Maudore Minerals Ltd. is a Montreal-based mining exploration company. Shares purchased at an average cost of 40 cents have recently traded at $1.80. The company has a Quebec-based resource, with estimated 500,000 ounces of gold, Mr. Marleau said. Located near Val d'Or, it is likely to be sold to a larger producer, he added. In a takeover, which is possible within 18 to 24 months, the shares could triple in value, he suggested.
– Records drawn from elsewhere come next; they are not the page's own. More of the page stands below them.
Lemma open2_in_compl_value (P : Z -> Prop) : open2 (fun x => in_compl A x /\ P (H x)).
Proof.
  intros p [Hc HP]. destruct (in_compl_near A p Hc) as [e [He Hnear]].
  exists e. split; [exact He |]. intros q Hx Hy. specialize (Hnear q Hx Hy). split.
  - intros l Hl. exact (not_on_line_in_strip l q _ (Hnear l Hl)).
  - rewrite (H_floors p q); [exact HP |].
    intros l Hl. exact (Int_part_in_strip _ _ (Hnear l Hl)).
Qed.

Lemma same_chamber_invariant p q : same_chamber A p q -> H p = H q.
Proof.
  intros [S [[_ Hsep] [HSc [Sp Sq]]]].
  apply NNPP. intros Hne. apply Hsep.
  exists (fun x => in_compl A x /\ H x = H p), (fun x => in_compl A x /\ H x <> H p).
  split; [| split; [| split; [| split; [| split; [| split; [| split]]]]]].
  1, 2: intros x m n; rewrite in_compl_shift, H_shift; tauto.
  - exact (open2_in_compl_value (fun z => z = H p)).
  - exact (open2_in_compl_value (fun z => z <> H p)).
  - intros x Sx. destruct (Z.eq_dec (H x) (H p)); [left | right]; auto.
  - intros x _ [_ E] [_ N]. auto.
  - exists p. auto.
  - exists q. auto.
Qed.

End ChamberInvariant.

Definition floor_comb (c1 c2 c3 : Z) (l1 l2 l3 : line) (p : pt) : Z :=
  (c1 * Int_part (level l1 p) + c2 * Int_part (level l2 p) + c3 * Int_part (level l3 p))%Z.

Lemma floor_comb_shift c1 c2 c3 l1 l2 l3 p m n :
  (c1 * la l1 + c2 * la l2 + c3 * la l3 = 0)%Z -> (c1 * lb l1 + c2 * lb l2 + c3 * lb l3 = 0)%Z ->
  floor_comb c1 c2 c3 l1 l2 l3 (shift p m n) = floor_comb c1 c2 c3 l1 l2 l3 p.
Proof.
  intros Ha Hb. unfold floor_comb. rewrite !Int_part_level_shift.
  transitivity (c1 * Int_part (level l1 p) + c2 * Int_part (level l2 p) + c3 * Int_part (level l3 p)
    + m * (c1 * la l1 + c2 * la l2 + c3 * la l3) + n * (c1 * lb l1 + c2 * lb l2 + c3 * lb l3))%Z;
    [ring | rewrite Ha, Hb; ring].
Qed.
(* Fix $\beta>0$ and a transient MDP with a sink state as in the context. There exists $\pi^\star\in\Pi_{\mathrm{SD}}$ such that $\bm v^{\infty,\star}=\bm v^{\infty}(\pi^\star)$ and \[ g^\star_\infty(\beta)=\mathrm{ERM}^{\bm\mu}_\beta\big[v^{\infty,\star}_{\tilde s_0}\big]=\max_{\pi\in\Pi_{\mathrm{SD}}}\mathrm{ERM}^{\bm\mu}_\beta\big[v^{\infty}_{\tilde s_0}(\pi)\big], \] where $\tilde s_0\sim\mu$ (quantities may take the value $-\infty$).
   Context: MDP: states $\bar{\mathcal S}=\{1,\dots,S,S+1\}$, $e:=S+1$ a sink state, $\mathcal S=\{1,\dots,S\}$; finite actions $\mathcal A$; transitions $p(s,a,s')$, real rewards $r(s,a,s')$ of arbitrary sign; $p(e,a,e)=1$, $r(e,a,e)=0$; initial distribution $\mu$ on $\mathcal S$ (never starting at $e$) with $\mu>0$ componentwise. Policy classes: $\Pi_{\mathrm{HR}}$ (history-dependent randomized), $\Pi_{\mathrm{MD}}$ (Markov deterministic), $\Pi_{\mathrm{SD}}$ (stationary deterministic). Transience (standing assumption): for every $\pi\in\Pi_{\mathrm{SD}}$, $\sum_{t\ge0}\mathbb P^{\pi,s}[\tilde s_t=s']<\infty$ for all $s,s'\in\mathcal S$. $\mathrm{ERM}_\beta[\tilde x]=-\beta^{-1}\log\mathbb E[e^{-\beta\tilde x}]$. Define $v^t_s(\pi)=\mathrm{ERM}^{\pi,s}_\beta[\sum_{k=0}^{t-1}r(\tilde s_k,\tilde a_k,\tilde s_{k+1})]$, $v^{t,\star}_s=\max_{\pi\in\Pi_{\mathrm{MD}}}v^t_s(\pi)$, $\bm v^\infty(\pi)=\liminf_t\bm v^t(\pi)$, $\bm v^{\infty,\star}=\liminf_t\bm v^{t,\star}$. Define $g_t(\pi,\beta)=\mathrm{ERM}^{\pi,\mu}_\beta[\sum_{k=0}^{t}r(\tilde s_k,\tilde a_k,\tilde s_{k+1})]$ (initial state drawn from $\mu$), $g^\star_t(\beta)=\sup_{\pi\in\Pi_{\mathrm{HR}}}g_t(\pi,\beta)$, $g^\star_\infty(\beta)=\liminf_{t\to\infty}g^\star_t(\beta)$. For a vector $\bm v$, $\mathrm{ERM}^{\mu}_\beta[v_{\tilde s_0}]=-\beta^{-1}\log\sum_s\mu_s e^{-\beta v_s}$. *)

From HB Require Import structures.
From mathcomp Require Import all_boot all_order all_algebra.
From mathcomp Require Import all_classical all_reals all_analysis.
Set Implicit Arguments.
Unset Strict Implicit.
Unset Printing Implicit Defensive.
Import Order.TTheory GRing.Theory Num.Theory.
Local Open Scope ring_scope.
Local Open Scope classical_set_scope.

(* States \bar S = {1,..,S,S+1} are encoded as 'I_S.+1 = {0,..,S};
   the sink state e = S+1 is encoded as ord_max (value S). *)
Definition state (S : nat) := 'I_S.+1.
Definition sink (S : nat) : state S := ord_max.

Section MDP.
Variables (R : realType) (S : nat) (A : finType).
Variables (p : state S -> A -> state S -> R) (r : state S -> A -> state S -> R).

(* History-dependent randomized policy: given the past history
   [(s_0,a_0);...;(s_{t-1},a_{t-1})] and the current state s_t,
   a distribution over actions. *)
Definition hr_policy := seq (state S * A) -> state S -> A -> R.

Definition is_HR (pi : hr_policy) : Prop :=
  (forall h s a, 0 <= pi h s a) /\ (forall h s, \sum_(a : A) pi h s a = 1).

Definition md_policy (d : nat -> state S -> A) : hr_policy :=
  fun h s a => (a == d (size h) s)%:R.

Definition sd_policy (d : {ffun state S -> A}) : hr_policy :=
  fun h s a => (a == d s)%:R.

Definition hist T (x : {ffun 'I_T.+1 -> state S}) (a : {ffun 'I_T -> A})
  (k : 'I_T) : seq (state S * A) :=
  [seq (x (widen_ord (leqnSn T) i), a i) | i : 'I_T <- enum 'I_T & (val i < val k)%N].
(* Let $n\ge3$. For $i\ge -1$ let $\mathfrak{M}_i$ be the free $\mathbb{Z}$-module spanned by $\mathcal{N}_i$. Then each $\mathfrak{M}_i$ is a homogeneous subring of $\mathfrak{L}(n)$, and for every $i\ge 0$, \[\mathfrak{M}_i=N_{\mathfrak{L}(n)}(\mathfrak{M}_{i-1})=\mathfrak{N}_i.\]
   Context: Fix an integer $n\ge 3$. A partition is a sequence $\Lambda=(\lambda_j)_{j\ge1}$ of non-negative integers with finite support; $\mathrm{wt}(\Lambda)=\sum_j j\lambda_j$; $\mathrm{Part}(k)$ is the set of partitions with $\lambda_j=0$ for $j>k$. Write $x^\Lambda=\prod_j x_j^{\lambda_j}$, $\deg(x^\Lambda)=\sum_j\lambda_j$, and let $\partial_k$ be the partial derivative with respect to $x_k$. $\mathfrak{L}(n)$ is the free $\mathbb{Z}$-module with basis $\mathcal{B}=\{x^\Lambda\partial_k : 1\le k\le n,\ \Lambda\in\mathrm{Part}(k-1)\}$, a Lie ring with bracket defined on basis elements by $[x^\Lambda\partial_k,x^\Theta\partial_j]=\partial_j(x^\Lambda)x^\Theta\partial_k$ if $j<k$, $-x^\Lambda\partial_k(x^\Theta)\partial_j$ if $j>k$, $0$ if $j=k$, extended bilinearly. A Lie subring is homogeneous if it is the $\mathbb{Z}$-span of a subset of $\mathcal{B}$. For an integer $i\ge-1$, let $r_i\in\{1,\dots,n-1\}$ with $i\equiv r_i\pmod{n-1}$ and $h_i=\lfloor (i-1)/(n-1)\rfloor+1$ (so $i=(h_i-1)(n-1)+r_i$). For a basis element define $\mathrm{WD}(x^\Lambda\partial_k)=\mathrm{wt}(\Lambda)-\deg(x^\Lambda)+n-k$ and $\mathrm{lev}_i(x^\Lambda\partial_k)=h_i\,\mathrm{WD}(x^\Lambda\partial_k)+\deg(x^\Lambda)-1$. For $i\ge -1$, $\mathcal{N}_i=\{b\in\mathcal{B} : \mathrm{lev}_j(b)\le j \text{ for some integer } j \text{ with } -1\le j\le i\}$. The idealizer of a subring $\mathfrak{M}$ is $N_{\mathfrak{L}(n)}(\mathfrak{M})=\{y\in\mathfrak{L}(n): [y,m]\in\mathfrak{M}\ \forall m\in\mathfrak{M}\}$. Define $\mathfrak{N}_{-1}=\mathbb{Z}\partial_1+\dots+\mathbb{Z}\partial_n$ and $\mathfrak{N}_i=N_{\mathfrak{L}(n)}(\mathfrak{N}_{i-1})$ for $i\ge0$. *)

From HB Require Import structures.
From mathcomp Require Import all_boot all_order all_algebra.
From mathcomp Require Import finmap.
From mathcomp.multinomials Require Import monalg.
Set Implicit Arguments. Unset Strict Implicit. Unset Printing Implicit Defensive.
Import Order.TTheory GRing.Theory Num.Theory.
Local Open Scope ring_scope.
Gobimin Minerals Ltd. is a Toronto-based mining company active in China and other parts of Asia. Shares purchased at an average cost of 40 cents have recently traded at 82 cents with a 10 cent annual dividend. The company has $1.75 cash per share and has substantial exploration rights in China and other Asian countries. The high cash holdings mean that the investor is really buying money at a discount. The mining potential is an extra, Mr. Marleau said. Announcements are expected in June, at which time the company will reveal its revised business plan. With 12 to 18 months, shares should double, he suggested.

Mitec Telecom Inc. is Montreal-based company that builds wireless infrastructure . Shares purchased at an average cost of 10 cents have recently traded at 6.5 cents. Mitec's shares are very undervalued and should rise as cell phones continue to penetrate the market, Mr. Marleau said.. Canadian wireless providers are upgrading their networks, a process that generates sales for Mitec. Therefore, the company, which has had losses for several years, should move into the black by the second half of 2009, Mr. Marleau said. With 12 to 18 months, shares should rise to 25 cents, he added.